![](/img/trans.png)
[英]Loss while training on bigger array becomes inf and then nan(Tensorflow)
[英]tensorflow loss is nan while training an RNN
使用单个GRU单元运行RNN,我遇到了以下堆栈跟踪的情况
Traceback (most recent call last):
File "language_model_test.py", line 15, in <module>
test_model()
File "language_model_test.py", line 12, in test_model
model.train(random_data, s)
File "/home/language_model/language_model.py", line 120, in train
train_pp = self._run_epoch(data, sess, inputs, rnn_ouputs, loss, trainOp, verbose)
File "/home/language_model/language_model.py", line 92, in _run_epoch
loss, _= sess.run([loss, trainOp], feed_dict=feed)
File "/usr/local/lib/python2.7/dist-packages/tensorflow/python/client/session.py", line 767, in run
run_metadata_ptr)
File "/usr/local/lib/python2.7/dist-packages/tensorflow/python/client/session.py", line 952, in _run
fetch_handler = _FetchHandler(self._graph, fetches, feed_dict_string)

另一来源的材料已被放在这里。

(* Write x = x_P(G, H) = a b / c, where a, b, c are the remainders of G, H and
   G H modulo P.  Since a b = q P + c with deg q < d, we get 1 - x = u P with
   u = -q / c, so that delta_2 {x}_2 = x /\ u + x /\ P.  Both x and u lie in the
   subgroup of F(t)^* generated by the nonzero polynomials of degree < d, and by
   bilinearity the wedge of two elements of that subgroup lies in /\^2 V_(d-1);
   hence delta_2 {x}_2 = x /\ P modulo /\^2 V_(d-1).
   The four terms of the combination then add up to
   (x_P(G1,G2) x_P(G1G2,G3) / (x_P(G1G3,G2) x_P(G1,G3))) /\ P, and this
   quotient is 1 because both products equal a1 a2 a3 / c123. *)

Section FormalSums.
Variable X : eqType.

Definition fscale (c : rat) (s : fsum X) : fsum X := [seq (c * p.1, p.2) | p <- s].

Lemma fcoef_nil (x : X) : fcoef [::] x = 0.
Proof. by rewrite /fcoef big_nil. Qed.

Lemma fcoef_cons (c : rat) (y : X) (s : fsum X) (x : X) :
  fcoef ((c, y) :: s) x = c * (y == x)%:R + fcoef s x.
Proof. by rewrite /fcoef big_cons /=; case: eqP; rewrite ?mulr1 ?mulr0. Qed.

Lemma fcoef_cat (s t : fsum X) (x : X) : fcoef (s ++ t) x = fcoef s x + fcoef t x.
Proof. by rewrite /fcoef big_cat. Qed.

Lemma fcoef_scale (c : rat) (s : fsum X) (x : X) : fcoef (fscale c s) x = c * fcoef s x.
Proof.
elim: s => [|[a y] s IH]; first by rewrite /= !fcoef_nil mulr0.
by rewrite /= !fcoef_cons IH mulrDr mulrA.
Qed.

Variable gen : fsum X -> Prop.

Lemma eq_in_span (v w : fsum X) :
  (forall x, fcoef v x = fcoef w x) -> in_span gen v -> in_span gen w.
Proof. by move=> vw [L [genL vL]]; exists L; split=> // x; rewrite -vw. Qed.

Lemma in_span_gen (c : rat) (r : fsum X) : gen r -> in_span gen (fscale c r).
Proof.
move=> genr; exists [:: (c, r)]; split; first by move=> l; rewrite inE => /eqP ->.
by move=> x; rewrite big_seq1 fcoef_scale.
Qed.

File "/usr/local/lib/python2.7/dist-packages/tensorflow/python/client/session.py", line 408, in __init__
self._fetch_mapper = _FetchMapper.for_fetch(fetches)
File "/usr/local/lib/python2.7/dist-packages/tensorflow/python/client/session.py", line 230, in for_fetch
return _ListFetchMapper(fetch)
File "/usr/local/lib/python2.7/dist-packages/tensorflow/python/client/session.py", line 337, in __init__
self._mappers = [_FetchMapper.for_fetch(fetch) for fetch in fetches]
File "/usr/local/lib/python2.7/dist-packages/tensorflow/python/client/session.py", line 238, in for_fetch
return _ElementFetchMapper(fetches, contraction_fn)
File "/usr/local/lib/python2.7/dist-packages/tensorflow/python/client/session.py", line 271, in __init__
% (fetch, type(fetch), str(e)))
TypeError: Fetch argument nan has invalid type <type 'numpy.float32'>, must be a string or Tensor. (Can not convert a float32 into a Tensor or Operation.)
计算损失的步骤似乎是问题所在
def train(self,data, session=tf.Session(), verbose=10):
print "initializing model"
self._add_placeholders()
inputs = self._add_embedding()
rnn_ouputs, _ = self._run_rnn(inputs)
outputs = self._projection_layer(rnn_ouputs)
loss = self._compute_loss(outputs)
trainOp = self._add_train_step(loss)
start = tf.initialize_all_variables()
saver = tf.train.Saver()
with session as sess:
sess.run(start)
for epoch in xrange(self._max_epochs):
train_pp = self._run_epoch(data, sess, inputs, rnn_ouputs, loss, trainOp, verbose)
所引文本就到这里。